My roommate had warned me that he was a player and had been flirting with some tattooed girl that lived close by. I wrote her off as jealous. I even confessed to him what my roommate had warned me about and he proceeded to make fun of said tattooed girl, calling her too short, too promiscuous, too attention-seeking. He said she always dumped her problems on him.

One time he made a joke that she sent him a nude just to push my buttons. When I didn’t laugh, he held my face in his hands, kissed me long and good, and asked me if that made it any better.

Within a month, he started sleeping with her.

Now, the second (and I guess fourth) time this happened it was with the same boy, naturally, because I repeat mistakes like any other human.

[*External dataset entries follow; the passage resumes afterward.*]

(* Let $\mu>0$, $\lambda\ge0$, $k_M\in\mathbb{R}$, and let $k$ be the solution of $$k''=-\tfrac12k^3-\lambda k+\mu,\qquad k(0)=k_M,\quad k'(0)=0.$$ Assume $k$ is nonconstant and $k_M=\max k$. Then $k$ is defined and bounded on all of $\mathbb{R}$, and there exist real constants $\alpha,\beta,\gamma$ with $\gamma\in(-1,0)$, $\omega>0$ and $m\in(0,1)$ such that $$k(s)=\frac{\alpha\,\mathrm{cn}(\omega s\mid m)+\beta}{\gamma\,\mathrm{cn}(\omega s\mid m)+1}\qquad\text{for all }s\in\mathbb{R},$$ where $\mathrm{cn}(\cdot\mid m)$ is the Jacobi elliptic cosine function with parameter $m$.
   Context: The Jacobi elliptic function $y(u)=\mathrm{cn}(u\mid m)$, $m\in(0,1)$, is the solution of $(y')^2=(1-y^2)(1-m+my^2)$ with $y(0)=1$ (equivalently $\mathrm{cn}(u\mid m)=\cos\varphi$ where $u=\int_0^\varphi(1-m\sin^2\psi)^{-1/2}d\psi$). *)

From Stdlib Require Import Reals.
Open Scope R_scope.

(* For m in (0,1) the integral is a
   strictly increasing bijection R -> R, so am is uniquely determined. *)
Definition is_jacobi_am (m : R) (am : R -> R) : Prop :=
  forall u : R,
    exists pr : Riemann_integrable
                  (fun psi => / sqrt (1 - m * (sin psi) ^ 2)) 0 (am u),
      RiemannInt pr = u.

Definition is_jacobi_cn (m : R) (cn : R -> R) : Prop :=
  exists am : R -> R, is_jacobi_am m am /\ forall u, cn u = cos (am u).

Definition kode (lam mu x : R) : R := - (1/2) * x ^ 3 - lam * x + mu.

(* At the maximum k''(0) = kode kM, which is <= 0 at an interior maximum and
   cannot vanish, since then k would be the constant equilibrium; hence kM > 0.
   The first integral k'^2 = c - k^4/4 - lam k^2 + 2 mu k is then a quartic in k
   with real roots kM > kn and a complex pair z, conj z; matching coefficients
   gives 8 mu = (kM + kn)(4 lam + kM^2 + kn^2), and cn_A = |kM - z|,
   cn_B = |kn - z|. The classical reduction of such an integral
   (Byrd-Friedman 259.00) yields the Moebius transform of cn with the parameters
   cn_alpha, ..., cn_omega; we check directly that it solves the ODE on all of R
   with k's initial data, and uniqueness for this locally Lipschitz ODE (a
   Gronwall argument on the squared distance in phase space) identifies it with
   k on (a, b). *)

From Stdlib Require Import Reals Lra Psatz.
From Coquelicot Require Import Coquelicot.
Open Scope R_scope.

Lemma kode_lipschitz lam mu M x y : Rabs x <= M -> Rabs y <= M ->
  Rabs (kode lam mu x - kode lam mu y) <= (3/2 * M ^ 2 + Rabs lam) * Rabs (x - y).
Proof.
  intros Hx Hy.
  assert (Hdiff : kode lam mu x - kode lam mu y = (x - y) * (- (x^2 + x*y + y^2) / 2 - lam)).
  { unfold kode. field. }
  rewrite Hdiff, Rabs_mult, Rmult_comm.
  apply Rmult_le_compat_r; [apply Rabs_pos|].
  pose proof (Rle_abs x); pose proof (Rabs_maj2 x).
  pose proof (Rle_abs y); pose proof (Rabs_maj2 y).
  pose proof (Rle_abs lam); pose proof (Rabs_maj2 lam).
  assert (0 <= x^2 + x*y + y^2 <= 3 * M^2) by (split; nra).
  apply Rabs_le; split; nra.
Qed.

Lemma bounded_on_segment (f : R -> R) x y : x <= y ->
  (forall c, x <= c <= y -> continuity_pt f c) ->
  exists M, forall c, x <= c <= y -> Rabs (f c) <= M.
Proof.
  intros Hxy Hf.
  destruct (continuity_ab_maj (fun c => Rabs (f c)) x y Hxy) as [p [Hp _]].
  - intros c Hc. apply (continuity_pt_comp f Rabs); [apply Hf, Hc | apply Rcontinuity_abs].
  - exists (Rabs (f p)). exact Hp.
Qed.

Lemma exp_weighted_mvt (w w' : R -> R) c x y : x < y ->
  (forall s, x <= s <= y -> derivable_pt_lim w s (w' s)) ->
  exists z, x < z < y /\
    exp (c * y) * w y - exp (c * x) * w x = exp (c * z) * (c * w z + w' z) * (y - x).
Proof.
  intros Hxy Hw.
  destruct (MVT_cor2 (fun s => exp (c * s) * w s)
              (fun s => exp (c * s) * (c * w s + w' s)) x y Hxy) as [z [Hz Hzin]].
  - intros s Hs.
    replace (exp (c * s) * (c * w s + w' s))
      with (c * exp (c * s) * w s + exp (c * s) * w' s) by ring.
    apply (derivable_pt_lim_mult (fun s => exp (c * s)) w); [|apply Hw, Hs].
    apply is_derive_Reals. auto_derive; [easy | ring].
  - exists z. split; [exact Hzin | exact Hz].
Qed.

(* Gronwall: [exp (-C s) w s] decreases and [exp (C s) w s] increases. *)
Lemma gronwall_vanish (w w' : R -> R) C x y : x < y ->
  (forall s, x <= s <= y -> derivable_pt_lim w s (w' s)) ->
  (forall s, x <= s <= y -> 0 <= w s) ->
  (forall s, x <= s <= y -> Rabs (w' s) <= C * w s) ->
  (w x = 0 <-> w y = 0).
Proof.
  intros Hxy Hw Hpos Hbnd. split; intros H0.
  - destruct (exp_weighted_mvt w w' (- C) x y Hxy Hw) as [z [Hz Hmvt]].
    rewrite H0, Rmult_0_r, Rminus_0_r in Hmvt.
    pose proof (Rle_abs (w' z)); pose proof (Hbnd z ltac:(lra)).
    pose proof (exp_pos (- C * z)); pose proof (exp_pos (- C * y)).
    pose proof (Hpos y ltac:(lra)).
    assert (exp (- C * y) * w y <= 0).
    { rewrite Hmvt. apply Rmult_le_0_r; [|lra]. apply Rmult_le_0_l; lra. }
    nra.
  - destruct (exp_weighted_mvt w w' C x y Hxy Hw) as [z [Hz Hmvt]].
    rewrite H0, Rmult_0_r, Rminus_0_l in Hmvt.
    pose proof (Rabs_maj2 (w' z)); pose proof (Hbnd z ltac:(lra)).
    pose proof (exp_pos (C * z)); pose proof (exp_pos (C * x)).
    pose proof (Hpos x ltac:(lra)).
    assert (0 <= exp (C * x) * w x).
    { apply Rmult_le_pos; lra. }
    assert (0 <= exp (C * z) * (C * w z + w' z) * (y - x)).
    { apply Rmult_le_pos; [apply Rmult_le_pos|]; lra. }
    nra.
Qed.

Lemma kode_energy_derivative_bound lam mu M x y v : Rabs x <= M -> Rabs y <= M ->
  Rabs (2 * (x - y) * v + 2 * v * (kode lam mu x - kode lam mu y))
  <= (1 + 3/2 * M ^ 2 + Rabs lam) * ((x - y) * (x - y) + v * v).
Proof.
  intros Hx Hy.
  pose proof (kode_lipschitz lam mu M x y Hx Hy) as Hlip.
  set (L := 3/2 * M ^ 2 + Rabs lam) in *.
  set (u := x - y) in *. set (f := kode lam mu x - kode lam mu y) in *.
  assert (HL : 0 <= L) by (unfold L; pose proof (Rabs_pos lam); nra).
  assert (Huv : 2 * Rabs u * Rabs v <= u * u + v * v).
  { pose proof (Rsqr_abs u); pose proof (Rsqr_abs v); unfold Rsqr in *.
    pose proof (pow2_ge_0 (Rabs u - Rabs v)). nra. }
  eapply Rle_trans; [apply Rabs_triang|].
  rewrite !Rabs_mult, (Rabs_pos_eq 2); [|lra].
  pose proof (Rabs_pos u); pose proof (Rabs_pos v).
  assert (Rabs v * Rabs f <= Rabs v * (L * Rabs u)) by (apply Rmult_le_compat_l; lra).
  assert (L * (2 * Rabs u * Rabs v) <= L * (u * u + v * v)) by (apply Rmult_le_compat_l; lra).
  replace (1 + 3/2 * M ^ 2 + Rabs lam) with (1 + L) by (unfold L; ring).
  lra.
Qed.

Definition ode_gap (k k' K K' : R -> R) (s : R) : R :=
  (k s - K s) * (k s - K s) + (k' s - K' s) * (k' s - K' s).

Lemma ode_gap_ge0 k k' K K' s : 0 <= ode_gap k k' K K' s.
Proof.
  unfold ode_gap. pose proof (Rle_0_sqr (k s - K s)); pose proof (Rle_0_sqr (k' s - K' s)).
  unfold Rsqr in *. lra.
Qed.

Section KodeUniqueness.

Variables (lam mu a b : R) (k k' K K' : R -> R).
Hypothesis Hk : forall s, a < s < b -> derivable_pt_lim k s (k' s).
Hypothesis Hk' : forall s, a < s < b -> derivable_pt_lim k' s (kode lam mu (k s)).
Hypothesis HK : forall s, a < s < b -> derivable_pt_lim K s (K' s).
Hypothesis HK' : forall s, a < s < b -> derivable_pt_lim K' s (kode lam mu (K s)).

Lemma derive_ode_gap s : a < s < b ->
  derivable_pt_lim (ode_gap k k' K K') s
    (2 * (k s - K s) * (k' s - K' s)
     + 2 * (k' s - K' s) * (kode lam mu (k s) - kode lam mu (K s))).
Proof.
  intros Hs.
  replace (2 * (k s - K s) * (k' s - K' s)
           + 2 * (k' s - K' s) * (kode lam mu (k s) - kode lam mu (K s)))
    with ((k' s - K' s) * (k s - K s) + (k s - K s) * (k' s - K' s)
          + ((kode lam mu (k s) - kode lam mu (K s)) * (k' s - K' s)
             + (k' s - K' s) * (kode lam mu (k s) - kode lam mu (K s)))) by ring.
  pose proof (derivable_pt_lim_minus k K s _ _ (Hk s Hs) (HK s Hs)) as Hu.
  pose proof (derivable_pt_lim_minus k' K' s _ _ (Hk' s Hs) (HK' s Hs)) as Hv.
  exact (derivable_pt_lim_plus _ _ s _ _
           (derivable_pt_lim_mult _ _ s _ _ Hu Hu) (derivable_pt_lim_mult _ _ s _ _ Hv Hv)).
Qed.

I had confided in him about my most recent heartbreak, because we were friends.

We had been something sort of casual before but he had another girl and I was tired of being the back-up plan. I was so happy we had reached a place of friendship when he opened the door to “more than friends” once again.

I gave him the benefit of the doubt thinking he wouldn’t do to me what he had done before after he saw how hurt I had been in my last almost-relationship.

Wrong. He told me that he wanted to pursue the other girl seriously, but I was welcome to mess around with him until then. Wow, lucky me.

So what’s my point in all this? What is it that I’ve learned from this? I have spent most of college wondering what it is that these other girls have that I don’t have. And don’t get me wrong, these other girls are all gorgeous, intelligent, and talented – worthy opponents if you will.

So what is it that I’m missing? Well, I can tell you this much, I’m missing out on a half-assed lover, lukewarm affection, and a generally unfaithful partner. I’ve seen these boys go on to pursue other girls at the same mediocre rate and let me tell you, it never had anything to do with me.

I know a lot of us girls (and guys too) have to put up with these almost-relationships where the other person is either talking to or sleeping with one or more other people and we think it’s a reflection on ourselves.

It’s not, at all. Don’t let anybody convince you a damn thing about yourself.

Someone might place you on the back burner but you have a choice to stay there or to leave. It truly is better to be alone and invest in yourself than to be kind of with someone who kind of likes you but also kind of likes someone else but it’s fair game because you two are nothing serious.

Let them have their technicalities and their harem of admirers. But more importantly, let them have your absence. You keep your grace, and you take the space they hollowed out inside you to grow something more beautiful than they could have ever given you. It might be hard at first, but just try to remember, their opinion is about as legitimate as their affection.